Hybrid Deployment - Manual Setup

This guide walks through manually creating all AWS resources for a Valohai hybrid deployment. Use this if you can't use CloudFormation or Terraform, or need specific customizations.

Prefer automation? Use Terraform or CloudFormation for faster, repeatable deployments.

Prerequisites

From Valohai:

  • valohai_assume_user - ARN of the Valohai user (e.g., arn:aws:iam::635691382966:user/valohai-customer-yourcompany)

  • queue_address - DNS name for your queue (e.g., something.vqueue.net)

From your AWS account:

  • Admin access to AWS Console or CLI

  • Region selected (consider GPU availability)

  • EC2 key pair for SSH access

Contact [email protected] to receive your credentials before proceeding.

Step 1: Configure IAM Roles

Create four IAM policies and roles that Valohai needs to manage resources.

Create IAM Policies

Navigate to AWS Console > IAM > Policies and create these four policies.

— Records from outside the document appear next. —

Lemma uniform_density_dens (A : set Z) (d : R) : uniform_density A d -> dens R A = d.
Proof.
move=> Hd; apply: cvg_lim => //; apply/cvgrPdist_le => eps e0.
apply: filterS2 (Hd eps e0) (nbhs_pinfty_ge (num_real 1)) => r /(_ 0) Hr r1.
have c0 : 0 < (cardZ (ZB (0 : 'rV[R]_n) r))%:R :> R by rewrite ltr0n cardZ_ZB_gt0.
by rewrite distrC ler_dist_divr.
Qed.

Lemma has_dense_almost_periods_setI_translate (G : set Z) v :
  has_dense_almost_periods G -> has_dense_almost_periods (G `&` translate G (- v)).
Proof.
move=> HG eps e0; have e2 : 0 < eps / 2 by lra.
have [Reps [Re0 [N [HN HD]]]] := HG _ e2.
exists Reps; split => //; exists N; split => // r w hr Nw.
set D := symdiff (translate G w) G.
apply: (@le_lt_trans _ _ (Dplus D r + Dplus D r)); last by have := HD r w hr Nw; lra.
apply: Dplus_le => x.
apply: le_trans (lerD (ratio_le_Dplus D x r) (ratio_le_Dplus D (x + intrv v) r)).
rewrite cardZ_ZB_translate -mulrDl ler_wpM2r ?invr_ge0 // -natrD ler_nat.
rewrite -cardZ_translate_setI_ZB; apply: leq_trans (cardZ_setU _ _).
- apply: cardZ_subset; first by rewrite -setIUl; apply: finite_setIr; exact: finite_ZB.
  by move=> u [/symdiff_setI_translate Du Bu]; rewrite -setIUl.
- exact/finite_setIr/finite_ZB.
- exact/finite_setIr/finite_ZB.
Qed.

Lemma sum_cardZ_autocorrelation_exchange (G P : set Z) (x : 'rV[R]_n) r :
  finite_set P ->
  (\sum_(v \in ZB x r) cardZ ((G `&` translate G (- v)) `&` P) =
   \sum_(y \in G `&` P) cardZ (G `&` ZB (x + intrv y) r))%N.
Proof.
move=> fP; have fB := finite_ZB x r.
transitivity (\sum_(v \in ZB x r) \sum_(y \in P)
    (if y \in G `&` translate G (- v) then 1 else 0))%N.
  by apply: eq_fsbigr => v _; rewrite setIC cardZ_setI_mkcond.
rewrite exchange_fsbig // [G `&` P]setIC fsbig_mkcondr; apply: eq_fsbigr => y _.
have [Gy|nGy] := boolP (y \in G); last first.
  by rewrite fsbig1 // => v _; rewrite in_setI (negbTE nGy).
rewrite -cardZ_setI_mkcond -cardZ_translate_setI_ZB setIC; congr (cardZ (_ `&` _)).
apply/seteqP; split => v /=; rewrite !translateE /= !opprK addrC.
  by case.
by move=> Gyv; split => //; apply/set_mem.
Qed.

Important: Replace placeholders before saving:

  • <AWS-ACCOUNT-ID> with your 12-digit AWS account ID

  • valohai-data-<AWS-ACCOUNT-ID> with your account ID (e.g., valohai-data-123456789012)

ValohaiQueuePolicy

Allows the queue instance to read secrets from Secrets Manager.

ValohaiWorkerPolicy

Allows worker instances to describe themselves and protect from scaledown.

ValohaiS3MultipartPolicy

Allows uploading large files (>5GB) to S3.

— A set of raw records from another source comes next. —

(* The number of neighbours in a set F
   of a vertex in row i depends only on row i of F and on the links (i-1, 2) and
   (i+1, 0), so forts and 2-dominating sets are the sets all of whose rows pass a
   test on 5-bit words.  Enumerating words shows that a 2-dominating set has at
   least three vertices in each row (positions 0, 2, 4 of every row suffice) and
   that a ZIr-set has at most four vertices in two consecutive rows, while
   positions 1, 3 of every row form a ZIr-set, hence a maximal one.
   A zero forcing set meets every fort.  Positions 1, 3, 4 of a row form a fort,
   so a set of at most k + 1 vertices either misses one of these forts or has one
   vertex in every row except at most one row with two; a fort avoiding it is then
   assembled row by row.  Conversely, positions 0, 1, 4 of row 0 and position 1 of
   every other row force the whole graph, row after row. *)

From mathcomp Require Import all_boot zify.
Set Implicit Arguments. Unset Strict Implicit. Unset Printing Implicit Defensive.

Lemma geq_bigmin (I : finType) (P : pred I) (f : I -> nat) c d :
  c <= d -> (forall i, P i -> c <= f i) -> c <= \big[minn/d]_(i | P i) f i.
Proof.
move=> le_cd le_cf; elim/big_ind: _ => // m n le_cm le_cn.
by rewrite leq_min le_cm le_cn.
Qed.

Lemma bigmin_leq (I : finType) (P : pred I) (f : I -> nat) d i :
  P i -> \big[minn/d]_(j | P j) f j <= f i.
Proof.
move=> Pi; have : i \in index_enum I by rewrite mem_index_enum.
elim: (index_enum I) => [|j r IHr] //; rewrite inE big_cons => /orP[/eqP <-|/IHr].
  by rewrite Pi geq_minl.
by case: (P j) => // le_r; rewrite geq_min le_r orbT.
Qed.

Lemma pair_le3_of_small_sum (I : finType) (c : I -> nat) i j :
  (forall l, 0 < c l) -> \sum_l c l <= #|I|.+1 -> i != j -> c i + c j <= 3.
Proof.
move=> c_gt0 sum_c ij.
have excess : \sum_l c l = \sum_l (c l - 1) + #|I|.
  rewrite -sum1_card -big_split; apply: eq_bigr => l _.
  by change (c l = c l - 1 + 1); have := c_gt0 l; lia.
have pair : (c i - 1) + (c j - 1) <= \sum_l (c l - 1).
  by rewrite (bigD1 i) //= (bigD1 j) 1?eq_sym //= addnA leq_addr.
have := c_gt0 i; have := c_gt0 j; lia.
Qed.
Lemma horner_line n (x v : 'rV[R]_n) t : \row_k (line x v k).[t] = x + t *: v.
Proof.
apply/rowP => k; rewrite !mxE /line hornerD hornerC hornerMX hornerC.
by rewrite mulrC.
Qed.

Definition line_poly n (h : 'rV[R]_n -> R) :=
  forall x v, exists P : {poly R}, forall t, h (x + t *: v) = P.[t].

Lemma line_poly_cst n c : line_poly (fun _ : 'rV[R]_n => c).
Proof. by move=> x v; exists c%:P => t; rewrite hornerC. Qed.

Lemma line_poly_add n (a b : 'rV[R]_n -> R) :
  line_poly a -> line_poly b -> line_poly (fun x => a x + b x).
Proof.
move=> la lb x v; have [P aP] := la x v; have [P' bP'] := lb x v.
by exists (P + P') => t; rewrite aP bP' hornerD.
Qed.

Lemma line_poly_mul n (a b : 'rV[R]_n -> R) :
  line_poly a -> line_poly b -> line_poly (fun x => a x * b x).
Proof.
move=> la lb x v; have [P aP] := la x v; have [P' bP'] := lb x v.
by exists (P * P') => t; rewrite aP bP' hornerM.
Qed.

Lemma line_poly_ext n (a b : 'rV[R]_n -> R) :
  a =1 b -> line_poly a -> line_poly b.
Proof. by move=> eq_ab la x v; have [P aP] := la x v; exists P => t; rewrite -eq_ab. Qed.

Lemma line_poly_sum n (I : Type) (r : seq I) (F : I -> 'rV[R]_n -> R) :
  (forall i, line_poly (F i)) -> line_poly (fun x => \sum_(i <- r) F i x).
Proof.
move=> lF; elim: r => [|i r IH].
  by apply: line_poly_ext (line_poly_cst 0) => x; rewrite big_nil.
by apply: line_poly_ext (line_poly_add (lF i) IH) => x; rewrite big_cons.
Qed.

Lemma line_poly_prod n (I : Type) (r : seq I) (F : I -> 'rV[R]_n -> R) :
  (forall i, line_poly (F i)) -> line_poly (fun x => \prod_(i <- r) F i x).
Proof.
move=> lF; elim: r => [|i r IH].
  by apply: line_poly_ext (line_poly_cst 1) => x; rewrite big_nil.
by apply: line_poly_ext (line_poly_mul (lF i) IH) => x; rewrite big_cons.
Qed.

Lemma line_poly_det n m (M : 'rV[R]_n -> 'M[R]_m) :
  (forall i j, line_poly (fun w => M w i j)) -> line_poly (fun w => \det (M w)).
Proof.
move=> lM; apply: line_poly_sum => s; apply: line_poly_mul; first exact: line_poly_cst.
by apply: line_poly_prod => i; apply: lM.
Qed.

Lemma line_poly_eval n (e : expr R n) : line_poly (eval e).
Proof.
by move=> x v; exists (esubst e (line x v)) => t; rewrite horner_esubst horner_line.
Qed.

Replace <AWS-ACCOUNT-ID> in both Resource ARNs.

ValohaiMasterPolicy

Allows Valohai to manage EC2 resources and access storage.

Replace both <AWS-ACCOUNT-ID> placeholders.

Create IAM Roles

Navigate to AWS Console > IAM > Roles and create these four roles.

Role Name
Use Case
Attach Policy
Additional Configuration

ValohaiQueueRole

EC2

ValohaiQueuePolicy

Instance profile auto-created

ValohaiWorkerRole

EC2

ValohaiWorkerPolicy

Instance profile auto-created

ValohaiS3MultipartRole

Another AWS Account

ValohaiS3MultipartPolicy

Account ID: <YOUR-AWS-ACCOUNT-ID>

ValohaiMaster

Another AWS Account

ValohaiMasterPolicy

Account ID: 635691382966

For ValohaiMaster role:

After creation, verify the trust relationship. It should look like this:

The ARN here matches the valohai_assume_user provided by Valohai.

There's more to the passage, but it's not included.